▸ **Extracted material**:

────────────────────

(* Let $(X,\Sigma)$ be a measurable space, $p$ a transition function on it with associated operator $A$ on $ba(X,\Sigma)$, and let $K=\{\mu_1,\dots,\mu_m\}$ be a finitely additive cycle of measures of $A$. If at least one cyclic measure $\mu_i$ is purely finitely additive, then all cyclic measures $\mu_1,\dots,\mu_m$ and the mean measure $\frac1m\sum_{k=1}^m\mu_k$ are purely finitely additive.
   Context: $X$ is an arbitrary infinite set and $\Sigma$ a $\sigma$-algebra of subsets of $X$ containing all one-point sets. $ba(X,\Sigma)$ denotes the space of bounded finitely additive real-valued measures on $\Sigma$. A nonnegative finitely additive measure $\mu$ is purely finitely additive if every countably additive measure $\lambda$ with $0\le\lambda\le\mu$ is identically zero. A transition function is a map $p(x,E)$ with $0\le p(x,E)\le 1$, $p(x,X)=1$, $p(\cdot,E)$ bounded $\Sigma$-measurable for every $E\in\Sigma$, and $p(x,\cdot)$ countably additive for every $x\in X$. The Markov operator is $A\mu(E)=\int_X p(x,E)\,\mu(dx)$. A cycle of measures of $A$ is a finite numbered set $\{\mu_1,\dots,\mu_m\}$ of pairwise different positive finitely additive measures with $A\mu_i=\mu_{i+1}$ ($1\le i\le m-1$) and $A\mu_m=\mu_1$; its mean measure is $\frac1m\sum_{k=1}^m\mu_k$. *)

From HB Require Import structures.
From mathcomp Require Import all_boot all_order all_algebra.
From mathcomp Require Import all_classical all_reals all_analysis.
Set Implicit Arguments. Unset Strict Implicit. Unset Printing Implicit Defensive.
Import Order.TTheory GRing.Theory Num.Theory.
Import numFieldNormedType.Exports.
Local Open Scope classical_set_scope.
Local Open Scope ring_scope.

Section Defs.
Context (d : measure_display) (X : measurableType d) (R : realType).

(* A real-valued set function, only its values on measurable sets matter. *)
Definition nonneg_on_sigma (mu : set X -> R) : Prop :=
  forall E, measurable E -> 0 <= mu E.

(* finitely additive (real-valued, hence bounded when nonnegative) *)
Definition fin_additive (mu : set X -> R) : Prop :=
  mu set0 = 0 /\
  forall A B, measurable A -> measurable B -> A `&` B = set0 ->
    mu (A `|` B) = mu A + mu B.

Definition count_additive (mu : set X -> R) : Prop :=
  forall F : nat -> set X, (forall n, measurable (F n)) -> trivIset setT F ->
    (fun n => \sum_(k < n) mu (F k)) @ \oo --> mu (\bigcup_n F n).

Definition pos_fa_measure (mu : set X -> R) : Prop :=
  nonneg_on_sigma mu /\ fin_additive mu.

Definition purely_fin_additive (mu : set X -> R) : Prop :=
  pos_fa_measure mu /\
  forall lam : set X -> R, count_additive lam ->
    (forall E, measurable E -> 0 <= lam E /\ lam E <= mu E) ->
    forall E, measurable E -> lam E = 0.

Definition transition_function (p : X -> set X -> R) : Prop :=
  (forall x E, measurable E -> 0 <= p x E <= 1) /\
  (forall x, p x setT = 1) /\
  (forall E, measurable E -> measurable_fun setT (fun x => p x E)) /\
  (forall x, count_additive (p x)).

Definition lower_sums (mu : set X -> R) (f : X -> R) : set R :=
  [set r | exists s : seq (set X * R),
     (forall i, (i < size s)%N -> measurable (nth (set0, 0) s i).1 /\
        forall x, (nth (set0, 0) s i).1 x -> (nth (set0, 0) s i).2 <= f x) /\
     (forall i j, (i < size s)%N -> (j < size s)%N -> i != j ->
        (nth (set0, 0) s i).1 `&` (nth (set0, 0) s j).1 = set0) /\
     (forall x, exists2 i, (i < size s)%N & (nth (set0, 0) s i).1 x) /\
     r = \sum_(q <- s) q.2 * mu q.1].

(* integral of a bounded measurable function w.r.t. a positive finitely
   additive measure (Dunford--Schwartz integral, as supremum of lower sums) *)
Definition fa_integral (mu : set X -> R) (f : X -> R) : R :=
  sup (lower_sums mu f).

Definition markov_op (p : X -> set X -> R) (mu : set X -> R) : set X -> R :=
  fun E => fa_integral mu (fun x => p x E).

Definition measure_cycle (p : X -> set X -> R) (m : nat) (mu : nat -> set X -> R)
  : Prop :=
  (0 < m)%N /\
  (forall i, (i < m)%N -> pos_fa_measure (mu i)) /\
  (forall i j, (i < j)%N -> (j < m)%N -> exists2 E, measurable E & mu i E <> mu j E) /\
  (forall i, (i < m)%N -> forall E, measurable E ->
      markov_op p (mu i) E = mu ((i.+1) %% m)%N E).

Definition mean_measure (m : nat) (mu : nat -> set X -> R) : set X -> R :=
  fun E => (m%:R)^-1 * \sum_(k < m) mu k E.
(* Let $R$ be a ring and $A$ any left $R$-module. Then there exist an injective left $R$-module $P$ and a family of injective submodules of $P$, downward directed under inclusion (i.e. any two members contain a common member), whose intersection is isomorphic to $A$. Equivalently, $A$ is isomorphic to the inverse limit of an inverse system (over an upward directed index set) of injective left $R$-modules whose connecting homomorphisms are all one-to-one.
   Context: Rings are associative with unit, modules are unital. *)

From HB Require Import structures.
From mathcomp Require Import all_boot all_order all_algebra.
Set Implicit Arguments. Unset Strict Implicit. Unset Printing Implicit Defensive.
Import GRing.Theory.
Local Open Scope ring_scope.

Definition injective_module (R : pzRingType) (Q : lmodType R) : Prop :=
  forall (M N : lmodType R) (f : {linear M -> N}) (g : {linear M -> Q}),
    injective f -> exists h : {linear N -> Q}, forall x, h (f x) = g x.

Definition is_submodule (R : pzRingType) (P : lmodType R) (S : P -> Prop) : Prop :=
  [/\ S 0, (forall x y, S x -> S y -> S (x + y)) &
      (forall (a : R) x, S x -> S (a *: x))].

(* R-linear maps into the submodule S are exactly R-linear maps
   into P with values in S, so this is literally injectivity of S. *)
Definition injective_submodule (R : pzRingType) (P : lmodType R) (S : P -> Prop)
  : Prop :=
  is_submodule S /\
  forall (M N : lmodType R) (f : {linear M -> N}) (g : {linear M -> P}),
    injective f -> (forall x, S (g x)) ->
    exists h : {linear N -> P}, (forall y, S (h y)) /\ forall x, h (f x) = g x.
(* Let $p$ be a prime. The matrix $(L(n,k,0,p))_{n,k\ge0}$ has the properties that for each $k\ge0$ there is $i\in\{0,\dots,p-1\}$ with $L(n,k,0,p)=e(n,k,i,p)$ for all $n\ge0$, and $L(n,n,0,p)=1$ for all $n\ge 0$; moreover it is the unique matrix $(a(n,k))_{n,k\ge0}$ with these two properties (each column equal to $(e(n,k,i,p))_{n\ge0}$ for some $i$, and all main-diagonal entries equal to $1$).
   Context: $e(n,k,j,p)$ is the number of $k$-element subsets of $\{1,\dots,n\}$ whose sum of elements is congruent to $j$ modulo $p$ (the empty set has sum $0$). $\begin{bmatrix} n\\ k\end{bmatrix}_q$ is the Gaussian binomial coefficient (a polynomial in $q$, zero for $k>n$). The $p$-Losanitsch numbers $L(n,k,j,p)$, $0\le j\le p-1$, are defined by $\sum_{j=0}^{p-1}L(n,k,j,p)q^j\equiv\begin{bmatrix} n\\ k\end{bmatrix}_q\pmod{q^p-1}$, i.e. $L(n,k,j,p)$ is the sum of the coefficients of $q^m$ in $\begin{bmatrix} n\\ k\end{bmatrix}_q$ over all $m\equiv j\pmod p$. *)

From mathcomp Require Import all_boot all_order all_algebra.
Set Implicit Arguments. Unset Strict Implicit. Unset Printing Implicit Defensive.
Import GRing.Theory.
Local Open Scope ring_scope.

(* e(n,k,j,p): number of k-element subsets of {1,...,n} whose element sum
   is congruent to j mod p.  {1,...,n} is represented by 'I_n via i |-> i+1. *)
Definition e_cnt (n k j p : nat) : nat :=
  #|[set A : {set 'I_n} | (#|A| == k) &&
      ((\sum_(i in A) (i.+1 : nat)) %% p == j %% p)%N]|.

Fixpoint gauss_binom (n k : nat) : {poly int} :=
  match n, k with
  | _, 0 => 1
  | 0, _.+1 => 0
  | n'.+1, k'.+1 => gauss_binom n' k' + 'X^(k'.+1) * gauss_binom n' k'.+1
  end.

Definition Los (n k j p : nat) : int :=
  \sum_(m < size (gauss_binom n k) | (m %% p == j %% p)%N) (gauss_binom n k)`_m.

From mathcomp Require Import all_boot all_order all_algebra.

(* The generating polynomial of the element sums of the k-subsets of {1..n}
   satisfies the q-Pascal recurrence of [n choose k]_q up to the factor
   q^(k(k+1)/2) (split on whether 1 belongs to the subset), so it equals
   q^(k(k+1)/2) [n choose k]_q.  Summing coefficients over a residue class
   mod p then gives L(n,k,0,p) = e(n,k,k(k+1)/2,p).  On the diagonal,
   e(k,k,i,p) is 1 if i = k(k+1)/2 mod p and 0 otherwise, so a(k,k) = 1 forces
   the residue of i in every column, whence uniqueness. *)

Set Implicit Arguments. Unset Strict Implicit. Unset Printing Implicit Defensive.
Import GRing.Theory.
Local Open Scope ring_scope.

Section ResidueCoefSum.

Variables (R : nzRingType) (p : nat).

Definition residue_coef_sum (P : {poly R}) (j : nat) : R :=
  \sum_(m < size P | (m %% p == j %% p)%N) P`_m.

Lemma residue_coef_sum_widen (P : {poly R}) j M : (size P <= M)%N ->
  residue_coef_sum P j = \sum_(m < M | (m %% p == j %% p)%N) P`_m.
Proof.
move=> lePM; rewrite /residue_coef_sum.
rewrite (big_ord_widen_cond _ (fun m => m %% p == j %% p)%N (fun m => P`_m) lePM).
rewrite big_mkcond [RHS]big_mkcond; apply: eq_bigr => m _.
case: (ltnP m (size P)) => [_|lePm]; first by rewrite andbT.
by rewrite andbF (nth_default 0 lePm) if_same.
Qed.

Lemma residue_coef_sum_sum (I : eqType) (r : seq I) (P : pred I)
    (F : I -> {poly R}) j :
  residue_coef_sum (\sum_(i <- r | P i) F i) j =
  \sum_(i <- r | P i) residue_coef_sum (F i) j.
Proof.
set M := (\max_(i <- r | P i) size (F i))%N.
rewrite (residue_coef_sum_widen _ (size_sum _ _ _)) -/M.
under eq_bigr do rewrite coef_sum.
rewrite exchange_big /= big_seq_cond [RHS]big_seq_cond.
apply: eq_bigr => i /andP[ri Pi].
by rewrite (residue_coef_sum_widen j (leq_bigmax_seq (F := size \o F) i ri Pi)).
Qed.

Lemma residue_coef_sumXn t j :
  residue_coef_sum ('X^t : {poly R}) j = (t %% p == j %% p)%N%:R.
Proof.
rewrite /residue_coef_sum size_polyXn big_mkcond big_ord_recr /= big1 ?add0r.
  by rewrite coefXn eqxx; case: eqP.
by move=> i _; rewrite coefXn (ltn_eqF (ltn_ord i)) if_same.
Qed.

Lemma residue_coef_sum_mulXn t (P : {poly R}) j :
  residue_coef_sum ('X^t * P) (t + j) = residue_coef_sum P j.
Proof.
have leXtP : (size ('X^t * P)%R <= t + size P)%N.
  by apply: leq_trans (size_mul_leq _ _) _; rewrite size_polyXn.
rewrite (residue_coef_sum_widen _ leXtP) big_split_ord /= big1 ?add0r.
  apply: eq_big => [m|m _] /=; first by rewrite eqn_modDl.
  by rewrite coefXnM ltnNge leq_addr addKn.
by move=> m _; rewrite coefXnM ltn_ord.
Qed.

End ResidueCoefSum.

Lemma LosE n k j p : Los n k j p = residue_coef_sum p (gauss_binom n k) j.
Proof. by []. Qed.

Definition subset_sum n (A : {set 'I_n}) : nat := \sum_(i in A) i.+1.

Definition subset_sum_gf n k : {poly int} :=
  \sum_(A : {set 'I_n} | #|A| == k) 'X^(subset_sum A).

Lemma residue_coef_sum_subset_sum_gf p n k j :
  residue_coef_sum p (subset_sum_gf n k) j = (e_cnt n k j p)%:Z.
Proof.
rewrite residue_coef_sum_sum /e_cnt -sum1_card -natz natr_sum.
rewrite big_mkcond [RHS]big_mkcond /=; apply: eq_bigr => A _.
rewrite residue_coef_sumXn inE.
by case: (#|A| == k); case: (_ == _).
Qed.

Section ShiftSet.

Variable n : nat.

Definition shift_set (B : {set 'I_n}) : {set 'I_n.+1} := lift ord0 @: B.
Definition unshift_set (A : {set 'I_n.+1}) : {set 'I_n} := lift ord0 @^-1: A.

Lemma card_shift_set B : #|shift_set B| = #|B|.
Proof. exact/card_imset/lift_inj. Qed.

Lemma ord0_shift_set B : (ord0 \in shift_set B) = false.
Proof. by apply/imsetP => -[j _ /eqP]; rewrite (negbTE (neq_lift _ _)). Qed.

Lemma subset_sum_shift_set B : subset_sum (shift_set B) = (subset_sum B + #|B|)%N.
Proof.
rewrite /subset_sum big_imset /=; last by move=> x y _ _; apply: lift_inj.
rewrite -sum1_card -big_split; apply: eq_bigr => i _.
by rewrite /= /bump add1n addn1.
Qed.

Lemma shift_setK : cancel shift_set unshift_set.
Proof. by move=> B; apply/setP => j; rewrite inE mem_imset //; apply: lift_inj. Qed.

Lemma unshift_setU0 (A : {set 'I_n.+1}) : unshift_set (ord0 |: A) = unshift_set A.
Proof. by apply/setP => j; rewrite !inE eq_sym (negbTE (neq_lift _ _)). Qed.

Lemma unshift_setK (A : {set 'I_n.+1}) :
  ord0 \notin A -> shift_set (unshift_set A) = A.
Proof.
move=> A0; apply/setP => x; case: (unliftP ord0 x) => [j ->|->].
  by rewrite mem_imset ?inE //; apply: lift_inj.
by rewrite ord0_shift_set (negbTE A0).
Qed.

Lemma unshift_setK0 (A : {set 'I_n.+1}) :
  ord0 \in A -> ord0 |: shift_set (unshift_set A) = A.
Proof.
move=> A0; rewrite -{1}(setD1K A0) unshift_setU0 unshift_setK ?setD11 //.
exact: setD1K.
Qed.

End ShiftSet.

Lemma subset_sum_gf_n0 n : subset_sum_gf n 0 = 1.
Proof.
rewrite /subset_sum_gf (big_pred1 set0) => [|A]; last by rewrite /= cards_eq0.
by rewrite /subset_sum big_set0 expr0.
Qed.

Lemma subset_sum_gf_0S k : subset_sum_gf 0 k.+1 = 0.
Proof.
rewrite /subset_sum_gf big_pred0 // => A.
by apply/negbTE; rewrite neq_ltn (leq_ltn_trans (max_card _)) ?card_ord.
Qed.

Lemma subset_sum_gf_ord0_in n k :
  \sum_(A : {set 'I_n.+1} | (#|A| == k.+1) && (ord0 \in A)) 'X^(subset_sum A)
  = 'X^(k.+1) * subset_sum_gf n k.
Proof.
rewrite (reindex_onto (fun B => ord0 |: shift_set B) (@unshift_set n)) /=; last first.
  by move=> A /andP[_ A0]; apply: unshift_setK0.
have card_U0shift B : #|ord0 |: shift_set B| = #|B|.+1.
  by rewrite cardsU1 ord0_shift_set card_shift_set.
rewrite /subset_sum_gf mulr_sumr; apply: eq_big => B.
  by rewrite unshift_setU0 shift_setK eqxx setU11 card_U0shift !andbT.
rewrite card_U0shift eqSS => /andP[/andP[/eqP cardB _] _].
rewrite /subset_sum big_setU1 ?ord0_shift_set //= -/(subset_sum _).
rewrite subset_sum_shift_set cardB -exprD -/(subset_sum B).
by rewrite add1n [(k.+1 + _)%N]addnC addnS.
Qed.

Lemma subset_sum_gf_ord0_notin n k :
  \sum_(A : {set 'I_n.+1} | (#|A| == k) && (ord0 \notin A)) 'X^(subset_sum A)
  = 'X^k * subset_sum_gf n k.
Proof.
rewrite (reindex_onto (@shift_set n) (@unshift_set n)) /=; last first.
  by move=> A /andP[_ A0]; apply: unshift_setK.
rewrite /subset_sum_gf mulr_sumr; apply: eq_big => B.
  by rewrite shift_setK eqxx ord0_shift_set card_shift_set !andbT.
move=> /andP[/andP[/eqP cardB _] _].
by rewrite subset_sum_shift_set -card_shift_set cardB -exprD addnC.
Qed.

Lemma subset_sum_gf_SS n k :
  subset_sum_gf n.+1 k.+1 = 'X^(k.+1) * (subset_sum_gf n k + subset_sum_gf n k.+1).
Proof.
rewrite /subset_sum_gf (bigID (fun A : {set 'I_n.+1} => ord0 \in A)) /= mulrDr.
by rewrite subset_sum_gf_ord0_in subset_sum_gf_ord0_notin.
Qed.

Lemma subset_sum_gfE n k : subset_sum_gf n k = 'X^('C(k.+1, 2)) * gauss_binom n k.
Proof.
elim: n k => [|n IHn] [|k] /=.
- by rewrite subset_sum_gf_n0 mulr1.
- by rewrite subset_sum_gf_0S mulr0.
- by rewrite subset_sum_gf_n0 mulr1.
have binS2 : 'C(k.+2, 2) = ('C(k.+1, 2) + k.+1)%N by rewrite binS bin1.
rewrite subset_sum_gf_SS !IHn binS2 !mulrDr !mulrA -!exprD.
by rewrite [(k.+1 + 'C(k.+1, 2))%N]addnC [(k.+1 + (_ + _))%N]addnC.
Qed.

Lemma gauss_binom_small n k : (n < k)%N -> gauss_binom n k = 0.
Proof. by elim: n k => [|n IHn] [|k] //= ltnk; rewrite !IHn ?mulr0 ?addr0 // ltnW. Qed.

Lemma gauss_binomnn n : gauss_binom n n = 1.
Proof. by elim: n => //= n ->; rewrite gauss_binom_small ?mulr0 ?addr0. Qed.

Lemma eq_e_cnt_mod n k p j1 j2 :
  j1 = j2 %[mod p] -> e_cnt n k j1 p = e_cnt n k j2 p.
Proof. by rewrite /e_cnt => ->. Qed.

Lemma Los0_e_cnt n k p : Los n k 0 p = (e_cnt n k 'C(k.+1, 2) p)%:Z.
Proof.
rewrite LosE -residue_coef_sum_subset_sum_gf subset_sum_gfE.
by rewrite -[X in _ = residue_coef_sum _ _ X]addn0 residue_coef_sum_mulXn.
Qed.

Lemma e_cnt_diag k j p :
  (e_cnt k k j p)%:Z = ('C(k.+1, 2) == j %[mod p])%:R.
Proof.
rewrite -residue_coef_sum_subset_sum_gf subset_sum_gfE gauss_binomnn mulr1.
exact: residue_coef_sumXn.
Qed.

Unset Implicit Arguments.
Theorem proposition5p2 (p : nat) (hp : prime p) :
  [/\ (forall k : nat, exists2 i : nat, (i < p)%N &
          forall n : nat, Los n k 0 p = (e_cnt n k i p)%:Z),
      (forall n : nat, Los n n 0 p = 1) &
      (forall a : nat -> nat -> int,
         (forall k : nat, exists2 i : nat, (i < p)%N &
            forall n : nat, a n k = (e_cnt n k i p)%:Z) ->
         (forall n : nat, a n n = 1) ->
         forall n k : nat, a n k = Los n k 0 p)].
Proof.
split.
- move=> k; exists ('C(k.+1, 2) %% p)%N; first by rewrite ltn_pmod ?prime_gt0.
  by move=> n; rewrite Los0_e_cnt (eq_e_cnt_mod _ _ (esym (modn_mod _ _))).
- by move=> n; rewrite Los0_e_cnt e_cnt_diag eqxx.
- move=> a col_a diag_a n k; have [i _ a_e] := col_a k.
  have c_i : 'C(k.+1, 2) = i %[mod p].
    by apply/eqP; move: (diag_a k); rewrite a_e e_cnt_diag; case: eqP.
  by rewrite a_e Los0_e_cnt (eq_e_cnt_mod _ _ c_i).
Qed.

────────────────────

▸ **Directions**: Within the material above, extract exactly the lines that start at the line containing "(forall x E, measurable" and stop after the line containing "(forall i j, (i < size", and only those.

▸ **Task result**:
  (forall x E, measurable E -> 0 <= p x E <= 1) /\
  (forall x, p x setT = 1) /\
  (forall E, measurable E -> measurable_fun setT (fun x => p x E)) /\
  (forall x, count_additive (p x)).

Definition lower_sums (mu : set X -> R) (f : X -> R) : set R :=
  [set r | exists s : seq (set X * R),
     (forall i, (i < size s)%N -> measurable (nth (set0, 0) s i).1 /\
        forall x, (nth (set0, 0) s i).1 x -> (nth (set0, 0) s i).2 <= f x) /\
     (forall i j, (i < size s)%N -> (j < size s)%N -> i != j ->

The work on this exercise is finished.